> _Problem description_
Print this span of the material below exactly: the line with "have [u] := maximal_matchingP", the line with "by rewrite cards2; case: (u != v).", and every line between them, but nothing else.

++++++++++++++++++++

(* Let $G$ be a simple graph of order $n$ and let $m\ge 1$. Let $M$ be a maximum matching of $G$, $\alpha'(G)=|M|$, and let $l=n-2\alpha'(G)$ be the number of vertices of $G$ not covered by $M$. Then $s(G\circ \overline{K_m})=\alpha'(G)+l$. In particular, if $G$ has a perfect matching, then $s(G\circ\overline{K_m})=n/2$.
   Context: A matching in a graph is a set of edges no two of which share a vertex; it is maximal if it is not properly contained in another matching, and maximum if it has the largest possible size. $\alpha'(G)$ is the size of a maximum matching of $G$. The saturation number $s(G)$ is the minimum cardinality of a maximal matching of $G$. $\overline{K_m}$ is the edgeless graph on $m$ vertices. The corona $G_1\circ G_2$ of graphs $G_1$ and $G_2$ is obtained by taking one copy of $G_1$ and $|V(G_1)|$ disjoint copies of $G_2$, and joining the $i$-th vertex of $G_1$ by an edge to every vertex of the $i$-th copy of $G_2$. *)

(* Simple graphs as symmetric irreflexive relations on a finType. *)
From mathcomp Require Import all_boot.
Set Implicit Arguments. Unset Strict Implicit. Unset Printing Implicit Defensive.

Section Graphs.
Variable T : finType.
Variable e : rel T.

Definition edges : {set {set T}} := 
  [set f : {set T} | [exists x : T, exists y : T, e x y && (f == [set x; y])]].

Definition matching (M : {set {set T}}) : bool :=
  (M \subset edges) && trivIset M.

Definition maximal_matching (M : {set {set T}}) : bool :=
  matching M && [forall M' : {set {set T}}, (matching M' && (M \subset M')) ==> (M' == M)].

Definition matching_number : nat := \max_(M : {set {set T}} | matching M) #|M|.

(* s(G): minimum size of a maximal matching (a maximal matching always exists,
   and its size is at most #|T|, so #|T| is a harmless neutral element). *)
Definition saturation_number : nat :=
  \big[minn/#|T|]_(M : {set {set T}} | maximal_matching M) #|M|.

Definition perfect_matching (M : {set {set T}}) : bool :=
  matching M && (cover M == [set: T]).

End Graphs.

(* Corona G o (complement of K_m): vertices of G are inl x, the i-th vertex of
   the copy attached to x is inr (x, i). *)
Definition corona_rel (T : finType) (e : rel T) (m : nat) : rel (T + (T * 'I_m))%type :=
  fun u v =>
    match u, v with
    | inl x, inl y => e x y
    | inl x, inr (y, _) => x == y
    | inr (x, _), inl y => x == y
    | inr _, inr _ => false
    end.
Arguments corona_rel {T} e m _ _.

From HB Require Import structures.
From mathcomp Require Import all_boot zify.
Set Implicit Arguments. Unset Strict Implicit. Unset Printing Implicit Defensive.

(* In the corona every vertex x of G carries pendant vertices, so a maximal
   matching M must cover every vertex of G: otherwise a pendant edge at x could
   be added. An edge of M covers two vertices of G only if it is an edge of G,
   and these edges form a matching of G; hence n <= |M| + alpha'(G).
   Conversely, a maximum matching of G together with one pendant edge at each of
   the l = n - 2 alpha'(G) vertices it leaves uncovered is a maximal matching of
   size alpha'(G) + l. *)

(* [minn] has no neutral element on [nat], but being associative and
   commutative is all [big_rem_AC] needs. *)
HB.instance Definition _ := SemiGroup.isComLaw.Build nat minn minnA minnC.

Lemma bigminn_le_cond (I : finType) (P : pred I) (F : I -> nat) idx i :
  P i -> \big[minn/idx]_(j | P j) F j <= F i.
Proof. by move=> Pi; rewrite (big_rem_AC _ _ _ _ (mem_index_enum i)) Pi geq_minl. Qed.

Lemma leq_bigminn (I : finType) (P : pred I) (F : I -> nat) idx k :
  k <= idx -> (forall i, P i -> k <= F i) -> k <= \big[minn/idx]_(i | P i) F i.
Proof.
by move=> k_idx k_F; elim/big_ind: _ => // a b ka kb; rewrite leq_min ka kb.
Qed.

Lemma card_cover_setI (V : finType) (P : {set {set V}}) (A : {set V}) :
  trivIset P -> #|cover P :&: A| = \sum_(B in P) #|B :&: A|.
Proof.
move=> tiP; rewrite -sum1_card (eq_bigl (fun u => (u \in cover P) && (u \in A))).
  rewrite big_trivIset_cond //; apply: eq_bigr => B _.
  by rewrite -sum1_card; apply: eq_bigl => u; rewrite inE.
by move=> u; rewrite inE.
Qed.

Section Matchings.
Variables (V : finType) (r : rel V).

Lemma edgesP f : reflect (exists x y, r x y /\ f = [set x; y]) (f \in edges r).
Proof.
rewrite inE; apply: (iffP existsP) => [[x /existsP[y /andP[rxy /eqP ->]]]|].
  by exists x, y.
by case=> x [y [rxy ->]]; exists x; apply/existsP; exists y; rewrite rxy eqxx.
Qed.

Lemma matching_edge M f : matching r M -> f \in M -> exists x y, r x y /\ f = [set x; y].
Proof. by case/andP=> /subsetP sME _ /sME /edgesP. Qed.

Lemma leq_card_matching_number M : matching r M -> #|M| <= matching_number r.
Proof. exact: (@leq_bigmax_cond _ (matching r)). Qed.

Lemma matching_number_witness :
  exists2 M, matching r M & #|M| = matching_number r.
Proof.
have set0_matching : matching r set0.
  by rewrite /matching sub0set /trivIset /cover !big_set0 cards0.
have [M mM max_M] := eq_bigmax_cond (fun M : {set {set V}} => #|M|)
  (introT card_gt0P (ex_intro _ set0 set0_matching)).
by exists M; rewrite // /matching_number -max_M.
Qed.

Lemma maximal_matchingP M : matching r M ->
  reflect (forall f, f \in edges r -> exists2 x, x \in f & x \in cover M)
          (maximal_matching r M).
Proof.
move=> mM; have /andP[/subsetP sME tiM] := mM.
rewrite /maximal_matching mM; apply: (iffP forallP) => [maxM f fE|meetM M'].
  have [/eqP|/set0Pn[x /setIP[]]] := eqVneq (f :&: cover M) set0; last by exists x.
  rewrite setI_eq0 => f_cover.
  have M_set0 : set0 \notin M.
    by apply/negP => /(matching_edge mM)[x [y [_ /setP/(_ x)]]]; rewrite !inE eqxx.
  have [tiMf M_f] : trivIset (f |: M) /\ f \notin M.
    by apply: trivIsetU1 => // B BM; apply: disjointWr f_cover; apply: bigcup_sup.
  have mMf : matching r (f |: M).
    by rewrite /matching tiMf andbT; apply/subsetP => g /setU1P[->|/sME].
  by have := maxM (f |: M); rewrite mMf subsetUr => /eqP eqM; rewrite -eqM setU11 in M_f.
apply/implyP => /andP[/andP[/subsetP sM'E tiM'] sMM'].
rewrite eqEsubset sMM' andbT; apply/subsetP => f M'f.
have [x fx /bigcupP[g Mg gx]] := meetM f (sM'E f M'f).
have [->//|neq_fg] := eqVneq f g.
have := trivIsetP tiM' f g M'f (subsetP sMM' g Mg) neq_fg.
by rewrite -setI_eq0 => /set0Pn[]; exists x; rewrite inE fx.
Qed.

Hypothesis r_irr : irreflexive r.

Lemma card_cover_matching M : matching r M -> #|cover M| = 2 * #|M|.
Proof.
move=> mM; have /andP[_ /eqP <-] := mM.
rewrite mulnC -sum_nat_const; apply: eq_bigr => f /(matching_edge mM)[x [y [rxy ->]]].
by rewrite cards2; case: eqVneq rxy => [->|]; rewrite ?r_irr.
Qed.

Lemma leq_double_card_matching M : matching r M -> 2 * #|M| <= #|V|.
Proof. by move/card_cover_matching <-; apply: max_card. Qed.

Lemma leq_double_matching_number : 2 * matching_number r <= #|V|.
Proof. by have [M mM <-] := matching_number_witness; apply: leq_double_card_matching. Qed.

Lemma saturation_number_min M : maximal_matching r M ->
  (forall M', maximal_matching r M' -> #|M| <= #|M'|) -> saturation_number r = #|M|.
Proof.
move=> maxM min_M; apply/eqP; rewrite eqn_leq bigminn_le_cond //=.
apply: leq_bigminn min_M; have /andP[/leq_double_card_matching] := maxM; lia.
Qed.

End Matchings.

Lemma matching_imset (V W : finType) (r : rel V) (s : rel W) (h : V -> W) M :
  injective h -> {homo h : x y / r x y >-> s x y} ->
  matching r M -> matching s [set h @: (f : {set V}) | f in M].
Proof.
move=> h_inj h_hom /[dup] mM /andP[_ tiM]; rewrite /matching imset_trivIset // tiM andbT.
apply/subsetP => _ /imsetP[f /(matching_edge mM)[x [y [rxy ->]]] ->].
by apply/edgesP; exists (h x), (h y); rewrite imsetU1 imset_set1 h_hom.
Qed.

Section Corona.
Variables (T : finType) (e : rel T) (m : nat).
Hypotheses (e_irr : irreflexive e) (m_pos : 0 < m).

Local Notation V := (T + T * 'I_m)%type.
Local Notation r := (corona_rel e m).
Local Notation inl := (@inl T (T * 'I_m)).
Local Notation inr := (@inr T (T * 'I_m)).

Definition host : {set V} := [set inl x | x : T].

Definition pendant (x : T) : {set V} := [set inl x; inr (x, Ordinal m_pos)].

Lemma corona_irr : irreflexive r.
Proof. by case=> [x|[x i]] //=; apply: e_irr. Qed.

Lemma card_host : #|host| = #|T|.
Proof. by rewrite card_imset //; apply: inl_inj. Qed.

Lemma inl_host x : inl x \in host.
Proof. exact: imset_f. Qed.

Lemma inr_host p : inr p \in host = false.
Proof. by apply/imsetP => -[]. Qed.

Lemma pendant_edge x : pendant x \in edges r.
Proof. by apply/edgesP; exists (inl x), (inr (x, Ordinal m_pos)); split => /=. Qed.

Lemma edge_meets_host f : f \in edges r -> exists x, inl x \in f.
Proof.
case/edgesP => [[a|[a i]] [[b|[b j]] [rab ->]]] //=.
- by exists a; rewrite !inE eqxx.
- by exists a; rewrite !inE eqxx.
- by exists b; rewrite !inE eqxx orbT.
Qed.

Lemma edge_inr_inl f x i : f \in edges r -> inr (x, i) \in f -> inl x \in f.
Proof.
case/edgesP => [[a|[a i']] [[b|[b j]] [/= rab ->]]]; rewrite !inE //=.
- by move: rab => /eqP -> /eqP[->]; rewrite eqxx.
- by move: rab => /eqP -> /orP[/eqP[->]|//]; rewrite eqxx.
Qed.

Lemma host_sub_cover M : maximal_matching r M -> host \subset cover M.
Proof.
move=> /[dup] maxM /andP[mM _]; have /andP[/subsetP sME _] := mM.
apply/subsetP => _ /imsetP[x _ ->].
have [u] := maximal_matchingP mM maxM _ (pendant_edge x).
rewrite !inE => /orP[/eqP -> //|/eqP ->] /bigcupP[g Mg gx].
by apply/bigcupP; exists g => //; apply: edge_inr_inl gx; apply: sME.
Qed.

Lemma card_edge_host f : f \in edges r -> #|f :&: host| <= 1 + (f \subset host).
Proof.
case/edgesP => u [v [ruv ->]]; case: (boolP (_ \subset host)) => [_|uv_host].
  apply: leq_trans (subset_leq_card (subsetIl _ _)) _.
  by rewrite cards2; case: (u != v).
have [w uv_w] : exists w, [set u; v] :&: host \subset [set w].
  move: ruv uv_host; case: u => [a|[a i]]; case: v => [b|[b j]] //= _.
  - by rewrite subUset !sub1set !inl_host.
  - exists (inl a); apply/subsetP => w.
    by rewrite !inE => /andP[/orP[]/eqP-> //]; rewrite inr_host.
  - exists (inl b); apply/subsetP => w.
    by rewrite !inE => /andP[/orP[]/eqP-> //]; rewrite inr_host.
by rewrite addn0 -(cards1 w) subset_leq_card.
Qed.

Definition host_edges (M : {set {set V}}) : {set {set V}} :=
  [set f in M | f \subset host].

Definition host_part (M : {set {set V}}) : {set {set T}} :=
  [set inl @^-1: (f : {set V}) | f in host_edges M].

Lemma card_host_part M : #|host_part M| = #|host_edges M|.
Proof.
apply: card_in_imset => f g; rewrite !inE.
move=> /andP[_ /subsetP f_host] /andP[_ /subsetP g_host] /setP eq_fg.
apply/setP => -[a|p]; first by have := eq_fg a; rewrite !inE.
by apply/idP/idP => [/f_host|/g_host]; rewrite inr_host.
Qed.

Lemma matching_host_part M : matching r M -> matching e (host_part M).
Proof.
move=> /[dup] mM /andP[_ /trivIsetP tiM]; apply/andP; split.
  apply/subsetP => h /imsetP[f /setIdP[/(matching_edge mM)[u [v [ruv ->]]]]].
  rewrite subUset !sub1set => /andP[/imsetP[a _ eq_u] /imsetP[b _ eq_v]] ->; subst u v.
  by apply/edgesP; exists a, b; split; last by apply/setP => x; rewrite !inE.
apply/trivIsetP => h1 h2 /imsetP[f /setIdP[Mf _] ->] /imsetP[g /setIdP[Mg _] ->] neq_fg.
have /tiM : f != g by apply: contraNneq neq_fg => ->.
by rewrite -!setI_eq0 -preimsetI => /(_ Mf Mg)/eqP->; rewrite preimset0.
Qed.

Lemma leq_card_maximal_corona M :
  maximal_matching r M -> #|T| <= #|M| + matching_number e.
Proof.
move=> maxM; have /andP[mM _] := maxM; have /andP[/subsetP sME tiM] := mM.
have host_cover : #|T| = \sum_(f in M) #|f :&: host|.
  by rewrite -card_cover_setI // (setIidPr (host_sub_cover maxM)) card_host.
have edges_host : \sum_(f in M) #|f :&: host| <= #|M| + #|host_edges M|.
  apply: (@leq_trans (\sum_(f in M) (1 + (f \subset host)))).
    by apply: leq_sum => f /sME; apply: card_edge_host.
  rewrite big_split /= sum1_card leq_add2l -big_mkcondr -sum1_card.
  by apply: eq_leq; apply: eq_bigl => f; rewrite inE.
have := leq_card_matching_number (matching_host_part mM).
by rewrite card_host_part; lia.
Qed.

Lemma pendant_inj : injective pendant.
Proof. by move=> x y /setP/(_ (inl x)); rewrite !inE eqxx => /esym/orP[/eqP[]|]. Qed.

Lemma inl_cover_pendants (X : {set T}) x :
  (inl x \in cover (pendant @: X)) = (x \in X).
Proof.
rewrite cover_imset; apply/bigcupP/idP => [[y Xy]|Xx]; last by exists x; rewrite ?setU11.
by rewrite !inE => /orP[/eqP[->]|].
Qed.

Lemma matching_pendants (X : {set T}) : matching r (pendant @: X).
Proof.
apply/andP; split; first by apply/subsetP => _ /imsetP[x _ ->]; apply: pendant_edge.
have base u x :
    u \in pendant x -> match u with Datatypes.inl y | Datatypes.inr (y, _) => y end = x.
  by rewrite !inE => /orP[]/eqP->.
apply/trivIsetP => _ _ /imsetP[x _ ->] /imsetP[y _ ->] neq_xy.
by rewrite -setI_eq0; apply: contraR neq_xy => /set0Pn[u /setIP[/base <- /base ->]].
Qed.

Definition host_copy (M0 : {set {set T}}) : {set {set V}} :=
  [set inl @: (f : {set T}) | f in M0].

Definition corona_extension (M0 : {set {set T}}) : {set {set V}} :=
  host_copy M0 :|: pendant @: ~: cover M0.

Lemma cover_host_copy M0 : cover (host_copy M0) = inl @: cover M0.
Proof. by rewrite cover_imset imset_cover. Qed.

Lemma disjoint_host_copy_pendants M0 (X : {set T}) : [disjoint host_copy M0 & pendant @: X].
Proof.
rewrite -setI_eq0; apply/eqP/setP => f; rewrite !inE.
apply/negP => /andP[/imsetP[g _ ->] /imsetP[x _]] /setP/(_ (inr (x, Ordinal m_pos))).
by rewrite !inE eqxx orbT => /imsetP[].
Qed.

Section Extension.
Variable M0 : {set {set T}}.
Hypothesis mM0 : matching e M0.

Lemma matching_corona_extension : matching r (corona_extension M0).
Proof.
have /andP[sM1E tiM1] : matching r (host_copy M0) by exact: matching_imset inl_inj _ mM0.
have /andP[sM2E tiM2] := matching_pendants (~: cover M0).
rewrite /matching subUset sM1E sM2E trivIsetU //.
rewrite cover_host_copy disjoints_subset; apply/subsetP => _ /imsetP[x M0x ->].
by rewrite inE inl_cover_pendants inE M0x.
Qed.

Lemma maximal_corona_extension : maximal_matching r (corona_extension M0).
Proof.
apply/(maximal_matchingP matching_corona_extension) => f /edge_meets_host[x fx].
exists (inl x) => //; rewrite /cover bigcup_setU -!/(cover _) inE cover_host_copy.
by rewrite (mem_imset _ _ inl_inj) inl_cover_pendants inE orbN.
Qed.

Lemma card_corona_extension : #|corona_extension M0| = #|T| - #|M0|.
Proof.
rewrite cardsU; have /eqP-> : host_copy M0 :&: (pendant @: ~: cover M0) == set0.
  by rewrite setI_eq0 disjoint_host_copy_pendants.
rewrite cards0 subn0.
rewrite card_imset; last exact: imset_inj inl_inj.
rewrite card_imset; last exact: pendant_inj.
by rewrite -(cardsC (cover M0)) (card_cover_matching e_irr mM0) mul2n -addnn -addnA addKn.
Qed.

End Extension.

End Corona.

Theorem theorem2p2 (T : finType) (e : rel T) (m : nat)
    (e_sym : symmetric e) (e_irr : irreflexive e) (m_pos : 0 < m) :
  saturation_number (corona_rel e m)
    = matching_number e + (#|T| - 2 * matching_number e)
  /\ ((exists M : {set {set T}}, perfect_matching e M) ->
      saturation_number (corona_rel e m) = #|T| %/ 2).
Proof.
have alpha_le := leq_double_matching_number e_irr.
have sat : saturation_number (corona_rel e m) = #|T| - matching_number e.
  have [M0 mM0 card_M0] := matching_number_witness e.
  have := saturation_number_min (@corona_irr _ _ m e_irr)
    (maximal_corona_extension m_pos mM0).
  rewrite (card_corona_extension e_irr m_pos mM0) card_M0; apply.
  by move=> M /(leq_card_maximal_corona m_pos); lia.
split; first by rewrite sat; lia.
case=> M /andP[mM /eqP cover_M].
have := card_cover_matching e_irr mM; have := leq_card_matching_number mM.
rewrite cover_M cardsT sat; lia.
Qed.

++++++++++++++++++++

> _Task response_
have [u] := maximal_matchingP mM maxM _ (pendant_edge x).
rewrite !inE => /orP[/eqP -> //|/eqP ->] /bigcupP[g Mg gx].
by apply/bigcupP; exists g => //; apply: edge_inr_inl gx; apply: sME.
Qed.

Lemma card_edge_host f : f \in edges r -> #|f :&: host| <= 1 + (f \subset host).
Proof.
case/edgesP => u [v [ruv ->]]; case: (boolP (_ \subset host)) => [_|uv_host].
  apply: leq_trans (subset_leq_card (subsetIl _ _)) _.
  by rewrite cards2; case: (u != v).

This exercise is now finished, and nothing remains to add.